As one of the main means for disinfecting the surface of the living environment, various disinfectants such as hypochlorous acid, hydrogen peroxide and the like are used for killing the surface in a whole space, and the method is the most commonly used surface disinfection means at present. In addition, alcohol is also used as a surface disinfectant for small objects. In addition, space sterilization using ultraviolet rays is also one of the commonly used sterilization means. However, disinfectants with strong oxidation such as hypochlorous acid and hydrogen peroxide and disinfectants with strong volatility such as alcohol have short action time and little residue, and can not realize the function of permanent killing although the disinfectants are quick, efficient and low-cost. And the disinfection and sterilization treatment by using ultraviolet rays is dangerous, and if the ultraviolet lamp is forgotten to be turned off in the daytime, the people in the environment can be greatly injured. Thus, there is currently no viable solution for long-term sterilization. However, in certain crowded places and areas, surfaces without long-lasting antimicrobial sterilization capability are easily and quickly become a route of transmission after disinfection. Therefore, a novel coating with bactericidal effect and long-acting bacteriostasis is developed, so that public health and safety are protected to the maximum extent, environmental pollution is reduced, and the coating has important economic value and significance.

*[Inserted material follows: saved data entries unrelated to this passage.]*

Lemma invSketch_integral_ge_length p a b : sorted_nonneg p -> mass p <= 1 ->
  0 <= a <= b -> b <= mass p -> ((b - a)%:E <= invSketch_integral p a b)%E.
Proof.
move=> p_sn mass_le1 /andP[a_ge0 ab] b_le; have p_ge0 := p_sn.1.
have -> : (b - a)%:E = (\int[@lebesgue_measure R]_(x in `]a, b]) (cst 1%E) x)%E.
  rewrite integral_cst //= lebesgue_measure_itv /= lte_fin mul1e.
  by case: ltgtP ab => // ->; rewrite subrr.
apply: ge0_le_integral => //.
- exact: (measurable_h_Sketch invr_nonincr_itv01).
- move=> x; rewrite /= in_itv /= => /andP[a_lt x_le].
  have /andP[Sx_gt Sx_le1] : 0 < Sketch p x <= 1.
    by apply: Sketch_in01; rewrite // (le_lt_trans a_ge0 a_lt) (le_trans x_le b_le).
  by rewrite lee_fin invf_ge1.
Qed.

Lemma invSketch_integral_ge_count_length p n a : sorted_nonneg p -> mass p <= 1 ->
  0 <= a < tailmass p n ->
  ((tailmass p n - a)%:E + n%:R%:E <= invSketch_integral p a (mass p))%E.
Proof.
move=> p_sn mass_le1 /andP[a_ge0 a_lt]; have p_ge0 := p_sn.1.
set t := tailmass p n in a_lt *.
have t_le : t <= mass p := tailmass_le_mass n p_ge0.
have split_itv : `]a, mass p] = `]a, t] `|` `]t, mass p].
  by apply: itv_bndbnd_setU; rewrite bnd_simp // ltW.
rewrite split_itv ge0_integral_setU // -?split_itv; last 3 first.
- exact: (measurable_h_Sketch invr_nonincr_itv01).
- move=> x /=; rewrite in_itv /= => /andP[a_lt' x_le].
  rewrite lee_fin invr_ge0_itv01 // in_itv /=.
  by apply: Sketch_in01; rewrite // (le_lt_trans a_ge0 a_lt').
- apply/disj_setPS => x []; rewrite /= !in_itv /= => /andP[_ x_le] /andP[x_gt _].
  by move: (le_lt_trans x_le x_gt); rewrite ltxx.
rewrite invSketch_integral_count ?(le_lt_trans a_ge0 a_lt) //.
by rewrite leeD2r // invSketch_integral_ge_length // a_ge0 ltW.
Qed.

PVA (polyvinyl alcohol) is used as a non-toxic and harmless film forming agent with good biocompatibility, and is widely applied to various industries, such as cosmetics, biomedicine, electronic components, filter materials and the like. The PVA monomer contains hydroxyl group and can form hydrogen bond with water, so that the PVA monomer is a high molecular polymer which can be dissolved in water, and great advantage is brought to the use of PVA. The PVA and the antibacterial component are mixed in the aqueous solution and then coated, so that an antibacterial film can be formed on the surface of the product. However, PVA has excellent water solubility and is easily dissolved or swelled by water during use, and the antibacterial film layer is easily and rapidly lost during actual use to cause failure. Therefore, how to balance the water solubility of PVA and the water solubility after film formation is a problem to be solved.
Disclosure of Invention
The invention aims to overcome the defects in the prior art and provide a coating material with long-acting antibacterial property and a preparation method thereof.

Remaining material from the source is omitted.